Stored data
++++++++++++++++++++
(* hit_prob p B t c = P( exists s <= t, X(s) \in B | X(0) = c ) for the
   Markov chain with kernel trans p; i.e. P(T_B <= t) where T_B is the
   hitting time of B. *)
Fixpoint hit_prob (R : realType) (p : R) (n : nat) (B : pred (config n))
    (t : nat) (c : config n) {struct t} : R :=
  if B c then 1 else
  match t with
  | 0 => 0
  | t'.+1 => \sum_(c' : config n) trans p c c' * hit_prob p B t' c'
  end.

Definition up_set (R : realType) (xi : R) (n : nat) : pred (config n) :=
  fun c => 6 * xi * Num.sqrt (n%:R * ln (n%:R : R)) < Phi_up R c.
Arguments up_set {R} xi n.
Arguments hit_prob {R} p {n} B t c.

(* The potential V = 2^(u - b), with b = n/2 + 3 xi sqrt(n ln n), does not grow in
   expectation while u >= n/2: an interaction 2-1 or 1-2 at most doubles it, which
   happens at rate 2 x1 x2, while an undecided initiator adopting an opinion halves
   it, at rate u (x1 + x2), and 2 x1 x2 <= (x1 + x2)^2 / 2 <= u (x1 + x2) / 2.
   When u < n/2 the potential at most doubles but is below 2^(-3 xi sqrt(n ln n)).
   Since V >= 1 once Phi_up > 6 xi sqrt(n ln n) and V(x(0)) <= 2^(-2 xi sqrt(n ln n)),
   Markov's inequality for the stopped potential gives
   P(T_u <= t) <= (1 + t) 2^(-2 xi sqrt(n ln n)), far below 1/n for t = O(n ln^2 n). *)

From mathcomp Require Import all_boot all_order all_algebra.
From mathcomp Require Import reals sequences exp.
From mathcomp Require Import ring lra.
Set Implicit Arguments. Unset Strict Implicit. Unset Printing Implicit Defensive.
Import Order.TTheory GRing.Theory Num.Theory.
Local Open Scope ring_scope.

Lemma sum_state (R : realType) (F : state -> R) :
  \sum_s F s = F Und + F Op1 + F Op2.
Proof.
rewrite (bigD1 Und) //= (bigD1 Op1) //= (bigD1 Op2) //= big1 ?addr0 ?addrA //.
by case=> [[]|].
Qed.

Section Counts.
Variables (R : realType) (n : nat) (c : config n).

Lemma cntE s : (cnt c s)%:R = \sum_i ((c i == s)%:R : R).
Proof.
rewrite /cnt -sum1_card big_mkcond natr_sum; apply: eq_bigr => i _.
by rewrite inE; case: (c i == s).
Qed.

Lemma cnt_sum : (cnt c Und)%:R + (cnt c Op1)%:R + (cnt c Op2)%:R = n%:R :> R.
Proof.
have -> : n%:R = \sum_(i < n) (1 : R) by rewrite sumr_const card_ord.
rewrite !cntE -!big_split /=; apply: eq_bigr => i _.
by case: (c i) => [[]|]; rewrite /= ?addr0 ?add0r.
Qed.

Lemma Phi_upE : Phi_up R c = 2 * (cnt c Und)%:R - n%:R.
Proof. rewrite /Phi_up -cnt_sum; ring. Qed.

Lemma sum_pairs_cnt a b : a != b ->
  \sum_i \sum_(j | j != i) ((c i == a)%:R * (c j == b)%:R : R) =
  (cnt c a)%:R * (cnt c b)%:R.
Proof.
move=> ab; rewrite !cntE mulr_suml; apply: eq_bigr => i _.
rewrite -mulr_sumr [in RHS](bigD1 i) //= mulrDr.
by case: eqP => [->|_]; rewrite ?(negbTE ab) ?mulr0 ?mul0r ?add0r.
Qed.

End Counts.
Lemma simplex_closed m : closed (simplex (R := R) (m := m)).
Proof.
have -> : simplex (R := R) (m := m) =
   (\bigcap_(a in [set: 'I_m]) ((fun M : 'rV[R]_m => M 0 a) @^-1` [set r | 0 <= r]))
   `&` ((fun M : 'rV[R]_m => \sum_a M 0 a) @^-1` [set r | r = 1]).
  by apply/seteqP; split=> x /= [x0 x1]; split=> // a; [move=> _|]; exact: x0.
apply: closedI.
  apply: closed_bigI => a _; apply: preimage_closed; last exact: closed_ge.
  by move=> M _; exact: coord_continuous.
apply: preimage_closed; last exact: closed_eq.
have -> : (fun M : 'rV[R]_m => \sum_a M 0 a) = \sum_a (fun M : 'rV[R]_m => M 0 a).
  by apply/funext => M; rewrite fct_sumE.
move=> M _; elim/big_ind: _ => [|f g cf cg|a _].
- exact: cst_continuous.
- exact: continuousD.
- exact: coord_continuous.
Qed.

Lemma simplex_bounded m : bounded_set (simplex (R := R) (m := m)).
Proof.
exists 1; split; first by rewrite realE ler01.
move=> M M1 x sx; rewrite /Num.Def.normr /= mx_normrE.
apply: bigmax_le => [|[i j] _]; first exact: ltW (lt_trans ltr01 M1).
have /andP[x0 x1] := simplex_entry_in01 j sx.
by rewrite /= (ord1 i) ger0_norm //; lra.
Qed.

Lemma penalty_bounded m (h : 'rV[R]_m -> R) : penalty h ->
  exists B, forall z, simplex z -> `|h z| <= B.
Proof.
move=> [hc _ _].
have : compact (h @` simplex (R := R) (m := m)).
  apply: continuous_compact => //.
  by apply: (@bounded_closed_compact R m _ (simplex_bounded m)); exact: simplex_closed.
move=> /compact_bounded[M [_ HM]].
by exists (M + 1) => z sz; apply: (HM (M + 1)); [rewrite ltrDl | exists z].
Qed.

Lemma dotv_comb m (y x1 x2 : 'rV[R]_m) (s t : R) :
  dotv y (s *: x1 + t *: x2) = s * dotv y x1 + t * dotv y x2.
Proof.
rewrite /dotv !big_distrr -big_split /=; apply: eq_bigr => a _.
by rewrite !mxE; ring.
Qed.

Lemma normr_entry_le m (M : 'rV[R]_m) a : `|M 0 a| <= `|M|.
Proof.
rewrite [leRHS]/Num.Def.normr /= mx_normrE.
exact: le_trans (le_bigmax _ _ (0, a)).
Qed.

(* Comparing both choices with their midpoint, strong convexity yields
   K/2 |x1 - x2|^2 <= <y1 - y2, x1 - x2> <= m D |x1 - x2|. *)
Lemma choice_of_lipschitz m (h : 'rV[R]_m -> R) K (y1 y2 x1 x2 : 'rV[R]_m) (D : R) :
  0 < K -> strongly_convex_on_simplex h K ->
  choice_of h y1 x1 -> choice_of h y2 x2 ->
  (forall a, `|y1 0 a - y2 0 a| <= D) ->
  forall a, `|x1 0 a - x2 0 a| <= 2 * m%:R * D / K.
Proof.
move=> K0 sc [sx1 opt1] [sx2 opt2] y12 a.
set N := `|x1 - x2|.
have N0 : 0 <= N by exact: normr_ge0.
have half : 0 <= (2^-1 : R) <= 1 by apply/andP; split; lra.
have hmid := sc x1 x2 sx1 sx2 _ half.
have smid := simplex_convex half sx1 sx2.
have := opt1 _ smid; have := opt2 _ smid; rewrite !dotv_comb => mid2 mid1.
have convex_gap : K / 2 * N ^+ 2 <= dotv y1 x1 - dotv y1 x2 - dotv y2 x1 + dotv y2 x2.
  by rewrite -/N in hmid; nra.
have dot_gap : dotv y1 x1 - dotv y1 x2 - dotv y2 x1 + dotv y2 x2 <= m%:R * D * N.
  have -> : dotv y1 x1 - dotv y1 x2 - dotv y2 x1 + dotv y2 x2 =
      \sum_b (y1 0 b - y2 0 b) * (x1 0 b - x2 0 b).
    by rewrite /dotv -!sumrB -big_split /=; apply: eq_bigr => b _; ring.
  have -> : m%:R * D * N = \sum_(b < m) D * N.
    by rewrite sumr_const card_ord -mulr_natl; ring.
  apply: ler_sum => b _; apply: le_trans (ler_norm _) _; rewrite normrM.
  by apply: ler_pM => //; have := normr_entry_le (x1 - x2) b; rewrite !mxE.
have D0 : 0 <= D := le_trans (normr_ge0 _) (y12 a).
have := normr_entry_le (x1 - x2) a; rewrite !mxE -/N => xaN.
apply: le_trans xaN _; rewrite ler_pdivlMr //.
have [->|N0'] := eqVneq N 0; first by rewrite mul0r !mulr_ge0.
have Np : 0 < N by rewrite lt_def N0' N0.
nra.
Qed.

(* [x + mu (p' - p)] stays in the simplex, so the optimality of [x] bounds
   [mu <y, p' - p>] by the oscillation of [h]. *)
Lemma choice_of_shift_le m (h : 'rV[R]_m -> R) (B mu : R) (y x p p' : 'rV[R]_m) :
  (forall z, simplex z -> `|h z| <= B) -> choice_of h y x ->
  simplex p -> simplex p' -> 0 <= mu -> (forall a, p 0 a != 0 -> mu <= x 0 a) ->
  mu * dotv y (p' - p) <= 2 * B.
Proof.
move=> hB [sx opt] sp sp' mu0 mu_le.
set z := 1 *: x + mu *: (p' - p).
have sz : simplex z.
  split=> [a|].
    rewrite /z !mxE; have /andP[pa0 pa1] := simplex_entry_in01 a sp.
    have := sp'.1 a; have := sx.1 a.
    by case: (eqVneq (p 0 a) 0) => [->|/mu_le]; nra.
  rewrite /z; under eq_bigr do rewrite !mxE mul1r.
  by rewrite big_split /= -big_distrr /= sumrB sx.2 sp.2 sp'.2 subrr mulr0 addr0.
have := opt z sz; rewrite /z dotv_comb.
have := hB z sz; have := hB x sx; rewrite !ler_norml => /andP[? ?] /andP[? ?].
lra.
Qed.
Lemma dilate_cvg {T : Type} (F : set_system T) {FF : Filter F}
    (tf : T -> R) (pf : T -> V) (t : R) (p : V) :
  tf @ F --> t -> pf @ F --> p ->
  (fun x => dilate (tf x) (pf x)) @ F --> dilate t p.
Proof.
move=> tft pfp; have rr := continuous_cvg FF (@continuous_radius_ratio p) pfp.
apply: cvgD; first exact: cvg_cst.
apply: cvgZ; last by apply: cvgB; [exact: pfp | exact: cvg_cst].
have ett := continuous_cvg FF (@continuous_expR R t) tft.
rewrite /dilation_factor; apply: cvgM => //.
apply: cvgV; first by rewrite gt_eqF ?dilation_denom_gt0 ?radius_ratio_range.
apply: cvgD; first exact: cvg_cst.
by apply: cvgM => //; apply: cvgB => //; exact: cvg_cst.
Qed.

End RadialDilation.

Section MultiDilation.
Variables (R : realType) (V : normedModType R) (N : nat) (c : 'I_N -> V) (rho : R).
Hypotheses (rho_gt0 : 0 < rho)
  (c_sep : forall i j, i != j -> 2 * rho <= `|c i - c j|).

Definition multi_dilate (t : 'I_N -> R) (p : V) : V :=
  p + \sum_m (dilate (c m) rho (t m) p - p).

Lemma ball_separated m j p : j != m -> `|p - c m| < rho -> rho <= `|p - c j|.
Proof.
move=> jm p_in; have := c_sep jm; have := ler_distD p (c j) (c m).
by rewrite (distrC (c j) p); lra.
Qed.

Lemma in_ball_or_outside p : (exists m, `|p - c m| < rho) \/ (forall m, rho <= `|p - c m|).
Proof.
have [[m p_in]|no_ball] := pselect (exists m, `|p - c m| < rho); first by left; exists m.
by right=> m; rewrite leNgt; apply/negP => p_in; apply: no_ball; exists m.
Qed.

Lemma multi_dilate_in m t p : `|p - c m| < rho -> multi_dilate t p = dilate (c m) rho (t m) p.
Proof.
move=> p_in; rewrite /multi_dilate (bigD1 m) //= big1 => [|j jm].
  by rewrite addr0 addrC subrK.
by rewrite dilate_out ?subrr // (ball_separated jm p_in).
Qed.

Lemma multi_dilate_out t p : (forall m, rho <= `|p - c m|) -> multi_dilate t p = p.
Proof.
by move=> p_out; rewrite /multi_dilate big1 ?addr0 // => m _; rewrite dilate_out ?subrr.
Qed.

Lemma multi_dilate_ball m t p : `|p - c m| < rho -> `|multi_dilate t p - c m| < rho.
Proof. by move=> p_in; rewrite (multi_dilate_in _ p_in) dilate_ball. Qed.

Lemma multi_dilateD t t' p : multi_dilate t (multi_dilate t' p) = multi_dilate (t + t') p.
Proof.
have [[m p_in]|p_out] := in_ball_or_outside p; last by rewrite !multi_dilate_out.
by rewrite (multi_dilate_in _ (multi_dilate_ball t' p_in)) !(multi_dilate_in _ p_in) dilateD.
Qed.

Lemma multi_dilate0 p : multi_dilate 0 p = p.
Proof. by rewrite /multi_dilate big1 ?addr0 // => m _; rewrite dilate0 subrr. Qed.

Lemma multi_dilate_moved t p : multi_dilate t p != p -> exists m, `|p - c m| < rho /\ t m != 0.
Proof.
have [[m p_in] moved|p_out] := in_ball_or_outside p; last by rewrite multi_dilate_out ?eqxx.
exists m; split=> //; apply: contra moved => /eqP tm0.
by rewrite (multi_dilate_in _ p_in) tm0 dilate0.
Qed.

Lemma multi_dilate_moves m t q :
  `|q - c m| < rho -> q != c m -> t m != 0 -> multi_dilate t q != q.
Proof.
move=> q_in q_neq tm; rewrite (multi_dilate_in _ q_in); apply/eqP => fixed.
by move/eqP: tm; apply; apply: dilate_fixed fixed.
Qed.

Lemma multi_dilate_cvg {T : Type} (F : set_system T) {FF : Filter F}
    (tf : T -> 'I_N -> R) (pf : T -> V) (t : 'I_N -> R) (p : V) :
  (forall m, (fun x => tf x m) @ F --> t m) -> pf @ F --> p ->
  (fun x => multi_dilate (tf x) (pf x)) @ F --> multi_dilate t p.
Proof.
move=> tft pfp; apply: cvgD => //.
apply: (@cvg_big _ _ +%R 0 xpredT add_continuous) => m _.
by apply: cvgB => //; apply: dilate_cvg.
Qed.

End MultiDilation.

Section SegmentPoints.
Variables (R : realType) (V : normedModType R) (N : nat) (a e : V) (r : R).
Hypotheses (r_gt0 : 0 < r) (e_norm1 : `|e| = 1) (N_gt0 : (0 < N)%N).

Definition ball_radius : R := r / (4 * N%:R).

Definition segment_point (j : nat) : V := a + (2 * ball_radius * j%:R) *: e.

Definition center (m : 'I_N) : V := segment_point m.

Definition bump_center (m : 'I_N) : V := segment_point (N + m).

Lemma ball_radius_gt0 : 0 < ball_radius.
Proof. by rewrite divr_gt0 // mulr_gt0 // ltr0n. Qed.

Lemma ball_radius_mul : ball_radius * (4 * N%:R) = r.
Proof. by rewrite mulfVK // gt_eqF // mulr_gt0 // ltr0n. Qed.

Lemma ball_radius_lt : ball_radius < r.
Proof.
have := ball_radius_mul; have := ball_radius_gt0.
have : (1 : R) <= N%:R by rewrite ler1n.
by nra.
Qed.

Lemma norm_segment_point j : `|segment_point j - a| = 2 * ball_radius * j%:R.
Proof.
rewrite /segment_point addrC addKr normrZ e_norm1 mulr1 ger0_norm //.
by rewrite !mulr_ge0 // ltW // ball_radius_gt0.
Qed.

Lemma segment_point_sep i j : i != j -> 2 * ball_radius <= `|segment_point i - segment_point j|.
Proof.
move=> ij; rewrite /segment_point opprD addrACA subrr add0r -scalerBl.
rewrite normrZ e_norm1 mulr1 -mulrBr normrM ger0_norm; last first.
  by rewrite mulr_ge0 // ltW // ball_radius_gt0.
have ij1 : 1 <= `|i%:R - j%:R : R|.
  rewrite ler_normr; have [ij'|ji|ij_eq] := ltngtP i j; last by rewrite ij_eq eqxx in ij.
  - have : (i.+1 <= j)%N := ij'; rewrite -(ler_nat R) -natr1 => ij1.
    by apply/orP; right; lra.
  - have : (j.+1 <= i)%N := ji; rewrite -(ler_nat R) -natr1 => ji1.
    by apply/orP; left; lra.
have := ball_radius_gt0; nra.
Qed.

Lemma segment_ball_sub j p : (j < 2 * N)%N ->
  `|p - segment_point j| < ball_radius -> `|a - p| <= r - ball_radius.
Proof.
move=> jN p_in; have := ler_distD (segment_point j) a p.
rewrite (distrC a (segment_point j)) norm_segment_point (distrC (segment_point j) p).
have : (j.+1 <= 2 * N)%N := jN; rewrite -(ler_nat R) -natr1 natrM => jN'.
have := ball_radius_mul; have := ball_radius_gt0.
have : ball_radius * (j%:R + 1) <= ball_radius * (2 * N%:R).
  by rewrite ler_wpM2l // ltW // ball_radius_gt0.
lra.
Qed.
++++++++++++++++++++
The output should be exactly the lines above from the line containing "apply: preimage_closed; last exact: closed_eq." to the line containing "choice_of h y1 x1 -> choice_of h y2 x2 ->", inclusive, with no other lines.

WRITTEN ANSWER:
apply: preimage_closed; last exact: closed_eq.
have -> : (fun M : 'rV[R]_m => \sum_a M 0 a) = \sum_a (fun M : 'rV[R]_m => M 0 a).
  by apply/funext => M; rewrite fct_sumE.
move=> M _; elim/big_ind: _ => [|f g cf cg|a _].
- exact: cst_continuous.
- exact: continuousD.
- exact: coord_continuous.
Qed.

Lemma simplex_bounded m : bounded_set (simplex (R := R) (m := m)).
Proof.
exists 1; split; first by rewrite realE ler01.
move=> M M1 x sx; rewrite /Num.Def.normr /= mx_normrE.
apply: bigmax_le => [|[i j] _]; first exact: ltW (lt_trans ltr01 M1).
have /andP[x0 x1] := simplex_entry_in01 j sx.
by rewrite /= (ord1 i) ger0_norm //; lra.
Qed.

Lemma penalty_bounded m (h : 'rV[R]_m -> R) : penalty h ->
  exists B, forall z, simplex z -> `|h z| <= B.
Proof.
move=> [hc _ _].
have : compact (h @` simplex (R := R) (m := m)).
  apply: continuous_compact => //.
  by apply: (@bounded_closed_compact R m _ (simplex_bounded m)); exact: simplex_closed.
move=> /compact_bounded[M [_ HM]].
by exists (M + 1) => z sz; apply: (HM (M + 1)); [rewrite ltrDl | exists z].
Qed.

Lemma dotv_comb m (y x1 x2 : 'rV[R]_m) (s t : R) :
  dotv y (s *: x1 + t *: x2) = s * dotv y x1 + t * dotv y x2.
Proof.
rewrite /dotv !big_distrr -big_split /=; apply: eq_bigr => a _.
by rewrite !mxE; ring.
Qed.

Lemma normr_entry_le m (M : 'rV[R]_m) a : `|M 0 a| <= `|M|.
Proof.
rewrite [leRHS]/Num.Def.normr /= mx_normrE.
exact: le_trans (le_bigmax _ _ (0, a)).
Qed.

(* Comparing both choices with their midpoint, strong convexity yields
   K/2 |x1 - x2|^2 <= <y1 - y2, x1 - x2> <= m D |x1 - x2|. *)
Lemma choice_of_lipschitz m (h : 'rV[R]_m -> R) K (y1 y2 x1 x2 : 'rV[R]_m) (D : R) :
  0 < K -> strongly_convex_on_simplex h K ->
  choice_of h y1 x1 -> choice_of h y2 x2 ->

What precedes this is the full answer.